Hoy usted ha decidido explorar la avenida Central Sur, por la que se ha entrado antes desde Santa Clara, la capital provincial. El ancho tramo de su arranque en el parque tiene también su busto el general Antonio Maceo, colocado allí el 7 de diciembre de 1949, y un pequeño obelisco a la memoria de Neftalí Martínez de Peláez, un joven masón que cae combatiendo en la huelga del 9 de abril de 1958. Dichas para hoy parecen las palabras de Maceo inscritas en la piedra: “No hay conveniencia personal para mí ante el interés general, que es el bien de la Patria”.
Corta ha sido la marcha, en verdad, cuando, conversando con parroquianos que plácidamente esperaban un transporte o el paso de la mañana, le advierte alguno que se halla precisamente en el portal de la Biblioteca “José Manuel Fuentes Jiménez”. Adentro salta a la vista que faltan los estantes para libros, archivos y tarjeteros que darían su identidad de oficio al local así nombrado, pero es que todo el mobiliario anda disperso e igual los fondos de lectura, porque el inmueble ha sido objeto de una restauración todavía en fase de terminación, explica el técnico Julio César Jiménez Díaz, quien amablemente acepta el donativo de dos ejemplares de los últimos libros que usted ha podido publicar; cada uno lleva una dedicatoria a la memoria de Onelio y en saludo a su pueblo natal.

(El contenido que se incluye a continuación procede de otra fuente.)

(* Let $W\subset\mathbb{P}^4$ be any cubic hypersurface whose singular locus contains a line $\ell$. Then $\mathbb{P}^4\setminus W$ contains a cylinder, i.e. a Zariski open subset isomorphic to $Z\times\mathbb{A}^1$ for some variety $Z$.
   Context: Over $\mathbb{C}$. *)

From mathcomp Require Import all_boot all_algebra.
From mathcomp Require Import reals complex.
From mathcomp Require Import mpoly.
Set Implicit Arguments. Unset Strict Implicit. Unset Printing Implicit Defensive.
Import GRing.Theory.
Local Open Scope ring_scope.

(* Points of K^n are functions 'I_n -> K; a point of P^4 is represented by a
   nonzero vector of K^5 (all predicates/maps below are compatible with scaling). *)
Section ClassicalAG.
Variable K : fieldType.

Definition vec (n : nat) := 'I_n -> K.

Definition lin_comb (s t : K) (a b : vec 5) : vec 5 := fun i => s * a i + t * b i.

Definition lin_indep2 (a b : vec 5) : Prop :=
  forall s t : K, (forall i, lin_comb s t a b i = 0) -> s = 0 /\ t = 0.

Definition cubic_form (F : {mpoly K[5]}) : Prop := F != 0 /\ F \is 3.-homog.

Definition sing_point (F : {mpoly K[5]}) (x : vec 5) : Prop :=
  F.@[x] = 0 /\ forall i : 'I_5, (mderiv i F).@[x] = 0.

Definition line_in_sing (F : {mpoly K[5]}) (a b : vec 5) : Prop :=
  lin_indep2 a b /\ forall s t : K, sing_point F (lin_comb s t a b).

(* Every Zariski open subset of P^4 \ V(F) is of this form. *)
Definition homog_family (S : seq {mpoly K[5]}) : Prop :=
  forall G, G \in S -> exists d : nat, G \is d.-homog.

Definition open_in_compl (F : {mpoly K[5]}) (S : seq {mpoly K[5]}) (x : vec 5) : Prop :=
  F.@[x] != 0 /\ exists2 G, G \in S & G.@[x] != 0.

Definition loc_closed (N : nat) (A B : seq {mpoly K[N]}) (z : vec N) : Prop :=
  (forall f, f \in A -> f.@[z] = 0) /\ exists2 g, g \in B & g.@[z] != 0.

Definition irreducible_set (N : nat) (Z : vec N -> Prop) : Prop :=
  (exists z, Z z) /\
  forall p q : {mpoly K[N]}, (forall z, Z z -> (p * q).@[z] = 0) ->
    (forall z, Z z -> p.@[z] = 0) \/ (forall z, Z z -> q.@[z] = 0).

(* The product Z x A^1, as a subset of K^(N+1) (last coordinate = A^1). *)
Definition first_coords (N : nat) (y : vec N.+1) : vec N :=
  fun i => y (widen_ord (leqnSn N) i).

Definition cyl_set (N : nat) (Z : vec N -> Prop) (y : vec N.+1) : Prop :=
  Z (first_coords y).

Definition regular_fun (M : nat) (X : vec M -> Prop) (f : vec M -> K) : Prop :=
  forall y, X y -> exists p q : {mpoly K[M]}, q.@[y] != 0 /\
    forall y', X y' -> q.@[y'] != 0 -> f y' = p.@[y'] / q.@[y'].

Definition proj_regular_fun (U : vec 5 -> Prop) (f : vec 5 -> K) : Prop :=
  forall x, U x -> exists (d : nat) (G H : {mpoly K[5]}),
    [/\ G \is d.-homog, H \is d.-homog, H.@[x] != 0 &
    forall x', U x' -> H.@[x'] != 0 -> f x' = G.@[x'] / H.@[x']].

Definition regular_to_proj (M : nat) (X : vec M -> Prop) (psi : vec M -> vec 5) : Prop :=
  forall y, X y -> exists (g : 'I_5 -> {mpoly K[M]}) (h : {mpoly K[M]}),
    [/\ h.@[y] != 0, (exists i, (g i).@[y] != 0) &
    forall y', X y' -> h.@[y'] != 0 ->
      exists2 c : K, c != 0 & forall i, psi y' i = c * (g i).@[y']].

Definition proj_iso (U : vec 5 -> Prop) (M : nat) (Y : vec M -> Prop) : Prop :=
  exists (phi : vec 5 -> vec M) (psi : vec M -> vec 5),
    [/\ (forall x, U x -> Y (phi x)) /\ (forall y, Y y -> U (psi y)),
        forall x, U x -> (exists2 c : K, c != 0 & forall i, psi (phi x) i = c * x i),
        forall y, Y y -> phi (psi y) = y,
        forall j : 'I_M, proj_regular_fun U (fun x => phi x j) &
        regular_to_proj Y psi].

Definition contains_cylinder (F : {mpoly K[5]}) : Prop :=
  exists (S : seq {mpoly K[5]}) (N : nat) (A B : seq {mpoly K[N]}),
    [/\ homog_family S, irreducible_set (loc_closed A B) &
        proj_iso (open_in_compl F S) (cyl_set (loc_closed A B))].

End ClassicalAG.

(* Write points of K^5 as x = s a + t b + w, with w in the complement
   {w_i0 = w_j0 = 0} of the line l = <a, b>.  Since the cubic F is singular
   along l, its Taylor expansion at the points of l gives
     F(s a + t b + w) = s d_aF(w) + t d_bF(w) + F(w),
   which is affine in (s, t).  If d_aF is not identically zero then, on
   {F != 0, d_aF != 0}, the point [x] is determined by w and t up to scaling;
   normalising by d_aF / F, [x] |-> (w, t) is an isomorphism onto
   {w : d_aF(w) != 0} x A^1, and s is recovered from the affine equation.
   The case of d_bF is symmetric.  If d_aF = d_bF = 0, then F is a cone with
   vertex l, and normalising a coordinate w_k of w to 1 identifies
   {F != 0, w_k != 0} with {F != 0, t = 0, w_k = 1} x A^1 through
   (z, tau) |-> z + tau b.  Both bases are open in affine subspaces, hence
   irreducible. *)

From mathcomp Require Import all_boot all_algebra.
From mathcomp Require Import reals complex.
From mathcomp Require Import mpoly.
From mathcomp Require Import zify ring.
From Stdlib Require Import Classical FunctionalExtensionality.
Set Implicit Arguments. Unset Strict Implicit. Unset Printing Implicit Defensive.
Import GRing.Theory Num.Theory.
Local Open Scope ring_scope.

Hablando del famoso cuentista le alcanza sonriente Yaneisi Linares, especialista en Tradiciones Culturales del municipio y, un rato más tarde, Johanka Hernández Pedroso, directora de la Casa de Cultura, con lo que se amplían los temas del diálogo. Le enteran, por ejemplo, de que el calendario anual de eventos culturales incluyen uno dedicado a Onelio Jorge Cardoso, el 11 de mayo, efeméride de su nacimiento, y los 29 de septiembre los dedican a recordar a otro de los creadores locales, el poeta repentista Chanito Isidrón, y pueden hacerlo también en el caso de Carlos Loveira, nacido en el poblado de El Santo, Encrucijada, en 1882. Celebran asimismo una Semana de la cultura y los 24 de junio es la fiesta del santo patrono de Calabazar de Sagüa, San Juan Bautista, fecha considerada el Día del Calabaceño Ausente, durante la cual regresan a festejar los nacidos en el pueblo desde los diversos lugares de residencia adonde los llevó la vida, y es ocasión de recuerdo para los fallecidos.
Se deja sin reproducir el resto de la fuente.